AUTHOR=Zhao Yuzhen , Zhou Jianli , Liu Jiaqi , Wang Zhaoxia , Chen Moxian , Zhou Shaoming
TITLE=Metagenome of Gut Microbiota of Children With Nonalcoholic Fatty Liver Disease
JOURNAL=Frontiers in Pediatrics
VOLUME=7
YEAR=2019
URL=https://www.frontiersin.org/journals/pediatrics/articles/10.3389/fped.2019.00518
DOI=10.3389/fped.2019.00518
ISSN=2296-2360
ABSTRACT=Aim: To investigate the intestinal flora of nonalcoholic fatty liver disease (NAFLD) in Chinese children and adolescents using metagenomic approach.
Methods: All participants underwent magnetic resonance spectroscopy (MRS) to quantify liver fat content. Hepatic steatosis was defined as MRS proton density fat fraction (MRS-PDFF) >5%. A total of 58 children and adolescents were enrolled in this study, including 25 obese NAFLD patients, 18 obese non-NAFLD children, and 15 healthy children. Stool samples were collected and analyzed with metagenomics. We used Shannon index to reflect the alpha diversities of gut microbiota. Wilcoxon rank sum test and Kruskal-Wallis test were performed to evaluate alpha diversities between groups. At last, the differences of gut microbiota composition and functional annotations between obese with and without NAFLD and healthy children were assessed by Kruskal-Wallis test.

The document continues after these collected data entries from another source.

Lemma norm1_factor_le_J U V r :
  (r < Rk)%nat -> beta * norm1 n2 (V r) <= J m n1 n2 Rk a y alpha beta U V.
Proof.
  intros Hr. unfold J.
  assert (0 <= fsum Rk (fun r => norm2 n1 (U r) ^ 2))
    by (apply fsum_nonneg; intros; apply pow2_ge_0).
  assert (norm1 n2 (V r) <= fsum Rk (fun r => norm1 n2 (V r))).
  { apply (fsum_term_le Rk (fun r => norm1 n2 (V r))); auto. intros; apply norm1_nonneg. }
  pose proof (pow2_ge_0 (norm2 m (residual U V))). fold (residual U V). nra.
Qed.

(* Comparison with J at zero: ||v^r||_1 <= ||y||^2 / beta <= M^2 / beta. *)
Lemma minimizer_factor_sparse U V gamma M :
  (forall U' V', J m n1 n2 Rk a y alpha beta U V <= J m n1 n2 Rk a y alpha beta U' V') ->
  0 < gamma -> 0 < M -> norm2 m y <= M ->
  forall r, (r < Rk)%nat -> norm2 n2 (V r) >= M ^ 2 / gamma ->
  0 < norm2 n2 (V r) /\ norm1 n2 (V r) <= gamma / beta * norm2 n2 (V r).
Proof.
  intros Hmin Hgamma HM Hy r Hr HV.
  assert (0 < M ^ 2 / gamma) by (apply Rdiv_lt_0_compat; nra). split; [lra|].
  pose proof (norm1_factor_le_J U V r Hr). pose proof (Hmin (fun _ _ => 0) (fun _ _ => 0)).
  rewrite J_zero in *. pose proof (norm2_nonneg m y).
  apply Rmult_le_reg_l with beta; auto.
  replace (beta * (gamma / beta * norm2 n2 (V r))) with (gamma * norm2 n2 (V r)) by (field; lra).
  apply Rle_trans with (M ^ 2); [nra|].
  apply Rmult_le_reg_r with (/ gamma); [apply Rinv_0_lt_compat; auto|].
  replace (gamma * norm2 n2 (V r) * / gamma) with (norm2 n2 (V r)) by (field; lra). lra.
Qed.

Lemma error_image_quadratic_le U V Xhat eta K :
  (forall k, y k = Aop n1 n2 a Xhat k + eta k) ->
  J m n1 n2 Rk a y alpha beta U V <= norm2 m eta ^ 2 + K ->
  let w := Aop n1 n2 a (fun i j => Xhat i j - outer_sum Rk U V i j) in
  norm2 m w ^ 2 - 2 * norm2 m w * norm2 m eta <= K.
Proof.
  intros Hy HJ w. pose proof (residual_sq_le_J U V).
  replace (residual U V) with (fun k => w k + eta k) in *.
  - pose proof (norm2_add_sq_sub_ge m w eta). lra.
  - apply functional_extensionality. intros k. unfold w, residual. rewrite Aop_sub, Hy. ring.
Qed.

End Objective.

(** * Rescaling a rank-one term *)

Lemma C21_pos : 0 < C21.
Proof.
  unfold C21, Rpower.
  pose proof (exp_pos (2 / 3 * ln (1 / 2))). pose proof (exp_pos (1 / 3 * ln 2)). lra.
Qed.

(* The minimiser over t > 0 of alpha t^2 a^2 + beta b / t, namely (beta b / (2 alpha a^2))^(1/3). *)
Definition rescale_factor (alpha beta a b : R) : R :=
  exp ((ln (beta * b) - ln 2 - ln (alpha * a ^ 2)) / 3).

Lemma rescale_cost alpha beta a b :
  0 < alpha -> 0 < beta -> 0 < a -> 0 < b ->
  let t := rescale_factor alpha beta a b in
  alpha * (t * a) ^ 2 + beta * (b / t)
  = C21 * Rpower (alpha * a ^ 2) (1/3) * Rpower (beta * b) (2/3).
Proof.
  intros Hal Hbe Ha Hb t.
  assert (Hx : 0 < alpha * a ^ 2) by (apply Rmult_lt_0_compat; [lra | apply pow_lt; lra]).
  assert (Hy : 0 < beta * b) by (apply Rmult_lt_0_compat; lra).
  set (x := ln (alpha * a ^ 2)). set (z := ln (beta * b)). set (l2 := ln 2).
  assert (E1 : alpha * (t * a) ^ 2 = exp (x / 3 + 2 * z / 3 + - (2 * l2 / 3))).
  { replace (x / 3 + 2 * z / 3 + - (2 * l2 / 3)) with (x + ((z - l2 - x) / 3 + (z - l2 - x) / 3))
      by field.
    rewrite !exp_plus. unfold x. rewrite exp_ln by auto.
    unfold t, rescale_factor. fold x z l2. ring. }
  assert (E2 : beta * (b / t) = exp (x / 3 + 2 * z / 3 + l2 / 3)).
  { replace (x / 3 + 2 * z / 3 + l2 / 3) with (z + - ((z - l2 - x) / 3)) by field.
    rewrite exp_plus, exp_Ropp. unfold z at 1. rewrite exp_ln by auto.
    unfold t, rescale_factor. fold x z l2. field. apply Rgt_not_eq, exp_pos. }
  assert (EC : C21 = exp (- (2 * l2 / 3)) + exp (l2 / 3)).
  { unfold C21, Rpower, l2. replace (1 / 2) with (/ 2) by field. rewrite ln_Rinv by lra.
    f_equal; f_equal; field. }
  rewrite E1, E2, EC. unfold Rpower. fold x z. rewrite !exp_plus.
  replace (2 / 3 * z) with (2 * z / 3) by field. replace (1 / 3 * x) with (x / 3) by field. ring.
Qed.

Lemma rescale_cost_le alpha beta s a b w :
  0 < alpha -> 0 < beta -> 0 < a -> 0 < b -> b <= sqrt s * w ->
  let t := rescale_factor alpha beta a b in
  alpha * (t * a) ^ 2 + beta * (b / t)
  <= C21 * Rpower (alpha * beta ^ 2) (1/3) * Rpower s (1/3) * Rpower (a * w) (2/3).
Proof.
  intros Hal Hbe Ha Hb Hbw t. unfold t. rewrite rescale_cost by auto.
  assert (Hs : 0 < sqrt s).
  { destruct (Rle_lt_dec (sqrt s) 0) as [H|H]; auto. pose proof (sqrt_pos s).
    replace (sqrt s) with 0 in Hbw by lra. lra. }
  assert (Hw : 0 < w) by (destruct (Rle_lt_dec w 0); auto; nra).
  pose proof C21_pos.
  assert (Hmono : Rpower (beta * b) (2/3) <= Rpower (beta * (sqrt s * w)) (2/3)).
  { apply Rle_Rpower_l; [lra|]. split; [nra|]. apply Rmult_le_compat_l; lra. }
  assert (Hlns : ln s = 2 * ln (sqrt s)).
  { rewrite <- (sqrt_sqrt s) at 1 by (apply Rlt_le, sqrt_lt_0_alt; rewrite sqrt_0; auto).
    rewrite ln_mult by auto. ring. }
  replace (C21 * Rpower (alpha * beta ^ 2) (1/3) * Rpower s (1/3) * Rpower (a * w) (2/3))
    with (C21 * Rpower (alpha * a ^ 2) (1/3) * Rpower (beta * (sqrt s * w)) (2/3)).
  - apply Rmult_le_compat_l; auto.
    apply Rmult_le_pos; [lra | left; apply exp_pos].
  - unfold Rpower. rewrite !Rmult_assoc, <- !exp_plus. do 2 f_equal.
    simpl pow. rewrite !Rmult_1_r, Hlns, !ln_mult by (auto; nra). field.
Qed.

Lemma penalty_constant_pos alpha beta s :
  0 < C21 * Rpower (alpha * beta ^ 2) (1/3) * Rpower s (1/3).
Proof. repeat apply Rmult_lt_0_compat; try apply exp_pos. apply C21_pos. Qed.

Section Rescaling.

Variables (n1 n2 : nat) (alpha beta : R).

Let positive_term (u v : nat -> R) := Rlt_dec 0 (norm2 n1 u * norm2 n2 v).
Let factor (u v : nat -> R) := rescale_factor alpha beta (norm2 n1 u) (norm1 n2 v).

Definition rescale_left (u v : nat -> R) : nat -> R :=
  fun i => if positive_term u v then factor u v * u i else 0.
Definition rescale_right (u v : nat -> R) : nat -> R :=
  fun j => if positive_term u v then v j / factor u v else 0.

Lemma rescale_outer u v i j :
  (i < n1)%nat -> (j < n2)%nat -> rescale_left u v i * rescale_right u v j = u i * v j.
Proof.
  intros Hi Hj. unfold rescale_left, rescale_right.
  destruct (positive_term u v) as [Hp|Hp].
  - unfold factor, rescale_factor. field. apply Rgt_not_eq, exp_pos.
  - pose proof (norm2_nonneg n1 u). pose proof (norm2_nonneg n2 v).
    destruct (Rmult_integral (norm2 n1 u) (norm2 n2 v)) as [Hu|Hv]; [nra | |].
    + rewrite (norm2_eq0 n1 u i Hu Hi). ring.
    + rewrite (norm2_eq0 n2 v j Hv Hj). ring.
Qed.

Lemma rescale_penalty_le s u v :
  0 < alpha -> 0 < beta -> norm1 n2 v <= sqrt s * norm2 n2 v ->
  alpha * norm2 n1 (rescale_left u v) ^ 2 + beta * norm1 n2 (rescale_right u v)
  <= C21 * Rpower (alpha * beta ^ 2) (1/3) * Rpower s (1/3)
     * rpow (norm2 n1 u * norm2 n2 v) (2/3).
Proof.
  intros Hal Hbe Hv. unfold rescale_left, rescale_right, rpow.
  destruct (positive_term u v) as [Hp|Hp].
  - destruct (Rle_dec (norm2 n1 u * norm2 n2 v) 0) as [Hn|_]; [lra|].
    pose proof (norm2_nonneg n1 u). pose proof (norm2_nonneg n2 v).
    pose proof (norm2_le_norm1 n2 v).
    assert (Hf : 0 < factor u v) by apply exp_pos.
    rewrite norm2_scal, norm1_div, Rabs_right by lra.
    unfold factor. apply rescale_cost_le; auto; nra.
  - rewrite norm2_zero_vec, norm1_zero_vec.
    pose proof (penalty_constant_pos alpha beta s).
    destruct (Rle_dec _ 0); [lra|]. pose proof (exp_pos (2/3 * ln (norm2 n1 u * norm2 n2 v))).
    unfold Rpower. nra.
Qed.

End Rescaling.

Lemma J_rescaled_ground_truth_le m n1 n2 Rk a alpha beta s hU hV eta B :
  0 < alpha -> 0 < beta ->
  (forall r, (r < Rk)%nat -> norm1 n2 (hV r) <= sqrt s * norm2 n2 (hV r)) ->
  fsum Rk (fun r => rpow (norm2 n1 (hU r) * norm2 n2 (hV r)) (2/3)) <= B ->
  let y := fun k => Aop n1 n2 a (outer_sum Rk hU hV) k + eta k in
  J m n1 n2 Rk a y alpha beta
    (fun r => rescale_left n1 n2 alpha beta (hU r) (hV r))
    (fun r => rescale_right n1 n2 alpha beta (hU r) (hV r))
  <= norm2 m eta ^ 2 + C21 * Rpower (alpha * beta ^ 2) (1/3) * Rpower s (1/3) * B.
Proof.
  intros Hal Hbe HhV HB y. pose proof (penalty_constant_pos alpha beta s).
  apply Rle_trans with (norm2 m eta ^ 2 + C21 * Rpower (alpha * beta ^ 2) (1/3) * Rpower s (1/3)
    * fsum Rk (fun r => rpow (norm2 n1 (hU r) * norm2 n2 (hV r)) (2/3)));
    [|apply Rplus_le_compat_l, Rmult_le_compat_l; lra].
  unfold J.
  rewrite (Aop_ext n1 n2 a _ (outer_sum Rk hU hV)).
  - rewrite (functional_extensionality (fun k => y k - Aop n1 n2 a (outer_sum Rk hU hV) k) eta)
      by (intros; unfold y; ring).
    rewrite <- !fsum_mult_l, Rplus_assoc, <- fsum_plus. apply Rplus_le_compat_l.
    apply fsum_le. intros r Hr. apply rescale_penalty_le; auto.
  - intros i j Hi Hj. unfold outer_sum. apply fsum_ext. intros. apply rescale_outer; auto.
Qed.

(** * The error estimate *)

Lemma le_of_quadratic_le q e d :
  0 <= q -> 0 <= e -> 0 <= d -> q ^ 2 - 2 * q * e <= d ^ 2 -> q <= 2 * e + d.
Proof.
  intros Hq He Hd H. enough (q - e <= e + d) by lra.
  apply le_of_pow2_le; [lra | nra].
Qed.

Lemma rpow_nonneg x p : 0 <= rpow x p.
Proof. unfold rpow. destruct (Rle_dec x 0); [lra | left; apply exp_pos]. Qed.

Lemma error_constant_sq alpha beta s Rk cU Nhat :
  0 < alpha -> 0 < beta -> 0 < s -> 0 < cU ->
  (sqrt (rpow s (1/3) * rpow (INR Rk) (2/3) * C21 * cU)
   * rpow (alpha * beta ^ 2) (1/6) * rpow Nhat (1/3)) ^ 2
  = C21 * Rpower (alpha * beta ^ 2) (1/3) * Rpower s (1/3)
    * (cU * rpow (INR Rk) (2/3) * rpow Nhat (2/3)).
Proof.
  intros Hal Hbe Hs HcU.
  assert (Hsq : forall x p, rpow x p ^ 2 = rpow x (2 * p)).
  { intros x p. unfold rpow. destruct (Rle_dec x 0); [simpl; ring|].
    simpl. rewrite Rmult_1_r, <- Rpower_plus. f_equal. ring. }
  assert (Hpos : forall x p, 0 < x -> rpow x p = Rpower x p).
  { intros x p Hx. unfold rpow. destruct (Rle_dec x 0); [lra | auto]. }
  pose proof C21_pos.
  rewrite !Rpow_mult_distr, !Hsq, pow2_sqrt.
  - rewrite (Hpos s), (Hpos (alpha * beta ^ 2))
      by (lra || (apply Rmult_lt_0_compat; [lra | apply pow_lt; lra])).
    replace (2 * (1/6)) with (1/3) by field. replace (2 * (1/3)) with (2/3) by field. ring.
  - pose proof (rpow_nonneg s (1/3)). pose proof (rpow_nonneg (INR Rk) (2/3)).
    repeat apply Rmult_le_pos; lra.
Qed.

Results: Significant differences in gut microbiota composition and functional annotations among three groups of children and adolescents have been observed. Deep sequencing of gut microbiota revealed high abundance of phylum Proteobacteria (Gammaproteobacteria) in obese NAFLD patients, comparing with the control group. Overall, obese children without NAFLD had less abundant Helicobacter and Helicobacter pylori. Compared to the control group, in obese children with NAFLD, the abundance of Bacteroidetes (Alistipes) were significantly reduced. Faecalibacterium prausnitzii was the only species representing a difference between obese children with and without NAFLD. There were not significant differences in terms of alpha diversity among three groups. Functional annotations demonstrated that several pathways were differentially enriched between groups, including metabolism of other amino acids, replication and repair, folding, sorting, degradation, and glycan biosynthesis and metabolism.
Conclusion: Significantly differences are observed in gut microbiota composition and functional annotations between obese children with and without NAFLD in comparison to the healthy children group. The characteristic of gut microbiota in this study may contribute to a further understanding the gut-liver axis of pediatric NAFLD in China.